PCA-Featured Transformer for Jamming Detection in 5G UAV Networks
- URL: http://arxiv.org/abs/2412.15312v1
- Date: Thu, 19 Dec 2024 16:13:04 GMT
- Title: PCA-Featured Transformer for Jamming Detection in 5G UAV Networks
- Authors: Joseanne Viana, Hamed Farkhari, Pedro Sebastiao, Victor P Gil Jimenez, Lester Ho,
- Abstract summary: Jamming attacks pose a threat to Unmanned Aerial Vehicle (UAV) wireless communication systems.
Current detection approaches struggle with sophisticated artificial intelligence (AI) jamming techniques.
We present a novel transformer-based deep learning framework for jamming detection.

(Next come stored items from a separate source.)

(* In the three-door Monty Hall game described in the context, let $Q$ be an arbitrary mixed strategy of Monte, with $\pi_\theta=Q(\{(\theta,d):d\neq\theta\})$ for $\theta\in\{1,2,3\}$, and let $u$ be a door with $\pi_u=\min(\pi_1,\pi_2,\pi_3)$. Then the always-switching pure strategy $u\,\mathrm{s}\,\mathrm{s}$ is Bayesian for $Q$, and its winning probability against $Q$ equals $1-\min(\pi_1,\pi_2,\pi_3)$.
   Context: Doors are numbered $1,2,3$. A pure strategy of Monte is a pair $(\theta,d)$ with $\theta\in\{1,2,3\}$ (the door hiding the prize) and $d\in\{1,2,3\}\setminus\{\theta\}$ (six strategies). A pure strategy of Conie is a triple $x\,a\,b$ with $x\in\{1,2,3\}$ and $a,b\in\{\mathrm{h},\mathrm{s}\}$ (twelve strategies). Under the profile $((\theta,d),x\,a\,b)$: Monte offers door $y=\theta$ if $x\neq\theta$ and $y=d$ if $x=\theta$; Conie's action is $a$ if $y$ is the smaller of the two doors in $\{1,2,3\}\setminus\{x\}$ and $b$ otherwise; her final choice is $z=x$ for action $\mathrm{h}$ and $z=y$ for action $\mathrm{s}$; she wins (payoff 1) iff $z=\theta$, else payoff 0. A mixed strategy is a probability distribution on pure strategies. For a mixed strategy $Q$ of Monte, a strategy of Conie is Bayesian if it maximizes Conie's winning probability against $Q$ (strategies played independently) among all mixed strategies of Conie. *)

From HB Require Import structures.
From mathcomp Require Import all_boot all_order all_algebra.
Set Implicit Arguments. Unset Strict Implicit. Unset Printing Implicit Defensive.
Import Order.TTheory GRing.Theory Num.Theory.
Local Open Scope ring_scope.

(* Doors 1,2,3 are represented by 'I_3 (0,1,2); the order is preserved. *)
Definition door := 'I_3.

Definition monte_strat := {m : door * door | m.2 != m.1}.
Definition theta_of (m : monte_strat) : door := (val m).1.
Definition dd_of (m : monte_strat) : door := (val m).2.

Inductive action := Hold | Switch.
Definition action_eqb (a b : action) : bool :=
  match a, b with Hold, Hold | Switch, Switch => true | _, _ => false end.
Definition action_of_bool (b : bool) := if b then Switch else Hold.
Definition bool_of_action (a : action) := if a is Switch then true else false.
Lemma action_of_boolK : cancel bool_of_action action_of_bool.
Proof. by case. Qed.
HB.instance Definition _ := Finite.copy action (can_type action_of_boolK).

Definition conie_strat := (door * action * action)%type.

Definition offered (m : monte_strat) (x : door) : door :=
  if x != theta_of m then theta_of m else dd_of m.

Definition is_smaller_other (x y : door) : bool :=
  [forall z : door, (z != x) ==> (y <= z)%N].

Definition final_choice (m : monte_strat) (c : conie_strat) : door :=
  let: (x, a, b) := c in
  let y := offered m x in
  let act := if is_smaller_other x y then a else b in
  if act is Hold then x else y.

Definition payoff {R : numDomainType} (m : monte_strat) (c : conie_strat) : R :=
  (final_choice m c == theta_of m)%:R.

Definition is_mixed {R : numDomainType} {T : finType} (p : {ffun T -> R}) : Prop :=
  (forall t, 0 <= p t) /\ \sum_t p t = 1.

Definition win_prob {R : numDomainType} (P : {ffun conie_strat -> R})
  (Q : {ffun monte_strat -> R}) : R :=
  \sum_c \sum_m P c * Q m * payoff m c.

Definition dirac {R : numDomainType} {T : finType} (t0 : T) : {ffun T -> R} :=
  [ffun t => (t == t0)%:R].

Definition win_prob_pure {R : numDomainType} (c : conie_strat)
  (Q : {ffun monte_strat -> R}) : R := win_prob (dirac c) Q.

Definition prior {R : numDomainType} (Q : {ffun monte_strat -> R}) (th : door) : R :=
  \sum_(m | theta_of m == th) Q m.

Definition bayesian {R : numDomainType} (Q : {ffun monte_strat -> R})
  (P : {ffun conie_strat -> R}) : Prop :=
  is_mixed P /\ forall P' : {ffun conie_strat -> R}, is_mixed P' -> win_prob P' Q <= win_prob P Q.

Definition min3 {R : realDomainType} (f : door -> R) : R :=
  Num.min (f ord0) (Num.min (f (inord 1)) (f (inord 2))).

(* Every pure strategy x a b of Conie has a door on which it surely loses: the
   smaller of the other two doors if a = h (it is offered and she holds), else
   the larger one if b = h, else x itself (switching away from the prize).  So
   against Q it wins with probability at most 1 - pi_t for some door t, hence at
   most 1 - min pi, and mixing cannot do better than the best pure strategy.
   Always switching from x loses exactly when the prize is behind x, so it wins
   with probability 1 - pi_x, which for x = u attains the bound. *)
From mathcomp Require Import all_boot all_order all_algebra.
Import Order.TTheory GRing.Theory Num.Theory.
Local Open Scope ring_scope.

Lemma is_mixed_dirac (R : numDomainType) (T : finType) (t0 : T) :
  is_mixed (dirac t0 : {ffun T -> R}).
Proof.
split=> [t|]; first by rewrite ffunE ler0n.
rewrite (bigD1 t0) //= big1 => [|t /negbTE nt]; last by rewrite ffunE nt.
by rewrite ffunE eqxx addr0.
Qed.

Lemma mixed_sum_le (R : numDomainType) (T : finType) (P : {ffun T -> R})
    (f : T -> R) (M : R) :
  is_mixed P -> (forall t, f t <= M) -> \sum_t P t * f t <= M.
Proof.
case=> P_ge0 P_sum1 f_le; apply: (@le_trans _ _ (\sum_t P t * M)).
  by apply: ler_sum => t _; apply: ler_wpM2l.
by rewrite -mulr_suml P_sum1 mul1r.
Qed.

Lemma win_prob_pureE (R : numDomainType) (c : conie_strat)
    (Q : {ffun monte_strat -> R}) :
  win_prob_pure c Q = \sum_m Q m * payoff m c.
Proof.
rewrite /win_prob_pure /win_prob (bigD1 c) //= [X in _ + X]big1 => [|c' /negbTE nc].
  by rewrite addr0; apply: eq_bigr => m _; rewrite ffunE eqxx mul1r.
by rewrite big1 // => m _; rewrite ffunE nc !mul0r.
Qed.

Lemma win_prob_mix (R : numDomainType) (P : {ffun conie_strat -> R})
    (Q : {ffun monte_strat -> R}) :
  win_prob P Q = \sum_c P c * win_prob_pure c Q.
Proof.
apply: eq_bigr => c _; rewrite win_prob_pureE mulr_sumr.
by apply: eq_bigr => m _; rewrite mulrA.
Qed.

Lemma prior_compl (R : numDomainType) (Q : {ffun monte_strat -> R}) (t : door) :
  is_mixed Q -> \sum_m Q m * (theta_of m != t)%:R = 1 - prior Q t.
Proof.
case=> _ Q_sum1; rewrite -[X in X - _]Q_sum1 /prior.
rewrite [in RHS](bigID (fun m => theta_of m == t)) /= addrC addrK.
rewrite (bigID (fun m => theta_of m == t)) /= big1 ?add0r => [|m ->]; last by rewrite mulr0.
by apply: eq_bigr => m ->; rewrite mulr1.
Qed.

Lemma min3_le (R : realDomainType) (f : door -> R) (t : door) : min3 f <= f t.
Proof.
have [->|[->|->]] : t = ord0 \/ t = inord 1 \/ t = inord 2.
- case: t => -[|[|[|//]]] Ht; [left|right; left|right; right];
    by apply: val_inj; rewrite /= ?inordK.
all: by rewrite /min3 !ge_min lexx ?orbT.
Qed.

Lemma offered_eq_theta (m : monte_strat) (x : door) :
  (offered m x == theta_of m) = (x != theta_of m).
Proof. by rewrite /offered; case: ifP => _; [rewrite eqxx|apply: negbTE (valP m)]. Qed.

Lemma final_choice_switch (m : monte_strat) (x : door) :
  (final_choice m (x, Switch, Switch) == theta_of m) = (theta_of m != x).
Proof. by rewrite /final_choice if_same offered_eq_theta eq_sym. Qed.

Definition low_other (x : door) : door := if val x == 0%N then inord 1 else inord 0.
Definition high_other (x : door) : door := if val x == 2%N then inord 1 else inord 2.

Lemma low_other_neq (x : door) : low_other x != x.
Proof. by rewrite -val_eqE /low_other; case: x => -[|[|[|//]]] Hx; rewrite /= ?inordK. Qed.

Lemma high_other_neq (x : door) : high_other x != x.
Proof. by rewrite -val_eqE /high_other; case: x => -[|[|[|//]]] Hx; rewrite /= ?inordK. Qed.

Lemma is_smaller_low_other (x : door) : is_smaller_other x (low_other x).
Proof.
rewrite /low_other; case: x => -[|[|[|//]]] Hx /=; apply/forallP => -[[|[|[|//]]] Hz];
  by rewrite /= ?inordK // -val_eqE.
Qed.

Lemma is_smaller_high_otherN (x : door) : ~~ is_smaller_other x (high_other x).
Proof.
rewrite /high_other; case: x => -[|[|[|//]]] Hx /=; apply/forallPn;
  [exists (inord 1)|exists ord0|exists ord0];
  by rewrite -val_eqE /= ?inordK.
Qed.

Definition losing_door (c : conie_strat) : door :=
  let: (x, a, b) := c in
  if a is Hold then low_other x else if b is Hold then high_other x else x.

Lemma offered_other (m : monte_strat) (x : door) :
  theta_of m != x -> offered m x = theta_of m.
Proof. by rewrite /offered eq_sym => ->. Qed.

Lemma final_choice_losing (m : monte_strat) (c : conie_strat) :
  theta_of m = losing_door c -> final_choice m c != theta_of m.
Proof.
case: c => [[x a] b]; rewrite /final_choice /=.
case: a; [|case: b] => th_lose.
- have th_x : theta_of m != x by rewrite th_lose low_other_neq.
  by rewrite offered_other // th_lose is_smaller_low_other -th_lose eq_sym.
- have th_x : theta_of m != x by rewrite th_lose high_other_neq.
  by rewrite offered_other // th_lose (negbTE (is_smaller_high_otherN x)) -th_lose eq_sym.
- by rewrite if_same offered_eq_theta th_lose eqxx.
Qed.

Lemma payoff_le_losing (R : numDomainType) (m : monte_strat) (c : conie_strat) :
  payoff m c <= (theta_of m != losing_door c)%:R :> R.
Proof.
rewrite /payoff; have [th_lose|_] := eqVneq (theta_of m) (losing_door c).
  by rewrite (negbTE (final_choice_losing _ _ th_lose)).
by rewrite ler_nat leq_b1.
Qed.

Lemma win_prob_pure_le (R : realDomainType) (Q : {ffun monte_strat -> R})
    (c : conie_strat) :
  is_mixed Q -> win_prob_pure c Q <= 1 - min3 (prior Q).
Proof.
move=> Q_mixed; apply: (@le_trans _ _ (1 - prior Q (losing_door c))); last first.
  by rewrite lerB // min3_le.
rewrite win_prob_pureE -prior_compl //; apply: ler_sum => m _.
by apply: ler_wpM2l; [case: Q_mixed|apply: payoff_le_losing].
Qed.

Lemma win_prob_switch (R : numDomainType) (Q : {ffun monte_strat -> R}) (x : door) :
  is_mixed Q -> win_prob_pure (x, Switch, Switch) Q = 1 - prior Q x.
Proof.
move=> Q_mixed; rewrite win_prob_pureE -prior_compl //.
by apply: eq_bigr => m _; rewrite /payoff final_choice_switch.
Qed.

Theorem mainTheorem5 (R : realFieldType) (Q : {ffun monte_strat -> R}) (u : door) :
  is_mixed Q ->
  prior Q u = min3 (prior Q) ->
  bayesian Q (dirac (u, Switch, Switch)) /\
  win_prob (dirac (u, Switch, Switch)) Q = 1 - min3 (prior Q).
Proof.
move=> Q_mixed u_min.
have win_u : win_prob (dirac (u, Switch, Switch)) Q = 1 - min3 (prior Q).
  by rewrite -u_min -win_prob_switch.
split=> //; split; first exact: is_mixed_dirac.
move=> P P_mixed; rewrite win_u win_prob_mix.
by apply: mixed_sum_le => // c; apply: win_prob_pure_le.
Qed.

- Score: 0.559239450391449
- License:
- Abstract: Jamming attacks pose a threat to Unmanned Aerial Vehicle (UAV) wireless communication systems, potentially disrupting essential services and compromising network reliability. Current detection approaches struggle with sophisticated artificial intelligence (AI) jamming techniques that adapt their patterns while existing machine learning solutions often require extensive feature engineering and fail to capture complex temporal dependencies in attack signatures. Furthermore, 5G networks using either Time Division Duplex (TDD) or Frequency Division Duplex (FDD) methods can face service degradation from intentional interference sources. To address these challenges, we present a novel transformer-based deep learning framework for jamming detection with Principal Component Analysis (PCA) added features. Our architecture leverages the transformer's self-attention mechanism to capture complex temporal dependencies and spatial correlations in wireless signal characteristics, enabling more robust jamming detection techniques. The U-shaped model incorporates a modified transformer encoder that processes signal features including received signal strength indicator (RSSI) and signal-to-noise ratio (SINR) measurements, alongside a specialized positional encoding scheme that accounts for the periodic nature of wireless signals. In addition, we propose a batch size scheduler and implement chunking techniques to optimize training convergence for time series data. These advancements contribute to achieving up to a ten times improvement in training speed within the advanced U-shaped encoder-decoder model introduced. Simulation results demonstrate that our approach achieves a detection accuracy of 90.33 \% in Line-of-Sight (LoS) and 84.35 % in non-Line-of-Sight (NLoS) and outperforms machine learning methods and existing deep learning solutions such as the XGBoost (XGB) classifier in approximately 4%.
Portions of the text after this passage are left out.